___ DATA UNDER STUDY ___
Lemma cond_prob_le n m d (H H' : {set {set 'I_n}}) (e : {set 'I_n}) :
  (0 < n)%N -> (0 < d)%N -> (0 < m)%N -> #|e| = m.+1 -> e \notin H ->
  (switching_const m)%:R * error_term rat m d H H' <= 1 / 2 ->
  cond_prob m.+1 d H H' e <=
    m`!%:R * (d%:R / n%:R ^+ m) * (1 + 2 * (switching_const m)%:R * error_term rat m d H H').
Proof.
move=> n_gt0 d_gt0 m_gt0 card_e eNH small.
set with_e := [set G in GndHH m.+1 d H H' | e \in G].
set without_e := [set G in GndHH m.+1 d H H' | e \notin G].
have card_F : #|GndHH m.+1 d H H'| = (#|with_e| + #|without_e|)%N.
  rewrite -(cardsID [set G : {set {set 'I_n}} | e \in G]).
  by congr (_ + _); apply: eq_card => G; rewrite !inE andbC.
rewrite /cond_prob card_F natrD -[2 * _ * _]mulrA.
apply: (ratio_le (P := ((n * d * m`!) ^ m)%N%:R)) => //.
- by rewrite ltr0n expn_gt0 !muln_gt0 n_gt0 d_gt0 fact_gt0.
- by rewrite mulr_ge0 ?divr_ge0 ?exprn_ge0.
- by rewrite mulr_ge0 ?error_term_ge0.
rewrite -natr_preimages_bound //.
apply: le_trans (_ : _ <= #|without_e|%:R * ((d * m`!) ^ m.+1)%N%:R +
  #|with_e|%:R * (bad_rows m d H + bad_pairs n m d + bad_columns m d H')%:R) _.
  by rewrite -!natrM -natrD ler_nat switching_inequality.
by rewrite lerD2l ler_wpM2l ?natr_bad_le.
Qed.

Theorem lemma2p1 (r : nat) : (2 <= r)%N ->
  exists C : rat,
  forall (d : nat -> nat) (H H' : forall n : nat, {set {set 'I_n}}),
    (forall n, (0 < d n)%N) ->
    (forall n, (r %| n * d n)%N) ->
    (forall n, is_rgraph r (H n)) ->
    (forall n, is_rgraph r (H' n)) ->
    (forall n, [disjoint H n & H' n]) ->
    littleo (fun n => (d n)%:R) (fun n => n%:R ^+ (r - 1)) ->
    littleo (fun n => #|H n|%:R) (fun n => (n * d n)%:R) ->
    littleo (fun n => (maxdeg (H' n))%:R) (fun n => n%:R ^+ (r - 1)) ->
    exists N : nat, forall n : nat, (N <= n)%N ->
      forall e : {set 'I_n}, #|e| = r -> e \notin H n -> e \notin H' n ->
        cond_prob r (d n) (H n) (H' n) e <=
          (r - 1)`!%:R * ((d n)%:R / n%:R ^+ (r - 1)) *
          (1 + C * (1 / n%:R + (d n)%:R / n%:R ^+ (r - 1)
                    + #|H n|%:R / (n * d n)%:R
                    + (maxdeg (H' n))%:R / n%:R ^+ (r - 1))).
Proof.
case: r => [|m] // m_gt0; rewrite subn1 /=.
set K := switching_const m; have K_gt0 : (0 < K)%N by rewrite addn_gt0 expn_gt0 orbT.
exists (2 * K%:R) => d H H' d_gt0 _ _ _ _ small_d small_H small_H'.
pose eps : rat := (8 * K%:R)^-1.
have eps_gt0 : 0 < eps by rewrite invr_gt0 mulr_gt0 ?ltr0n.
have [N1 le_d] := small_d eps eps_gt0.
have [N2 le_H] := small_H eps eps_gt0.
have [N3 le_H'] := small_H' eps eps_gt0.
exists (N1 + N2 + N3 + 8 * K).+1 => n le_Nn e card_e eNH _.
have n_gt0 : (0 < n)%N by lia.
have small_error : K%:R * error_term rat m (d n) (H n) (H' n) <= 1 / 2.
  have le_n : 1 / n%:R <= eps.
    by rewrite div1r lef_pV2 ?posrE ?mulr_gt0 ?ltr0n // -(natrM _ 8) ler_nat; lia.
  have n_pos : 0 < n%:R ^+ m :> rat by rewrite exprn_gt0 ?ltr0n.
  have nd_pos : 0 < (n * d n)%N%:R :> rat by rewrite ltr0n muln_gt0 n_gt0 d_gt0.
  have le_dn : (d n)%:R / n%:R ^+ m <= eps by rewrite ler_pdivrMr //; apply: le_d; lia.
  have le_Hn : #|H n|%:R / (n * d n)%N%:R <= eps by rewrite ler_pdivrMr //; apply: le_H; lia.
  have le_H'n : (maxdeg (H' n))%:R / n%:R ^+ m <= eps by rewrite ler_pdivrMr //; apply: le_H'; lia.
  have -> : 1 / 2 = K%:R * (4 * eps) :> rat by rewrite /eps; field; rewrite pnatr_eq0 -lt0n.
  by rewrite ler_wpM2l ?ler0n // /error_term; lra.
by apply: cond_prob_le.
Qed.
___
§ **DIRECTIONS FOR THIS TASK**
Show all lines in the entries above where the string "maxdeg" appears.

§ **ANSWER**
    littleo (fun n => (maxdeg (H' n))%:R) (fun n => n%:R ^+ (r - 1)) ->
                    + (maxdeg (H' n))%:R / n%:R ^+ (r - 1))).
  have le_H'n : (maxdeg (H' n))%:R / n%:R ^+ m <= eps by rewrite ler_pdivrMr //; apply: le_H'; lia.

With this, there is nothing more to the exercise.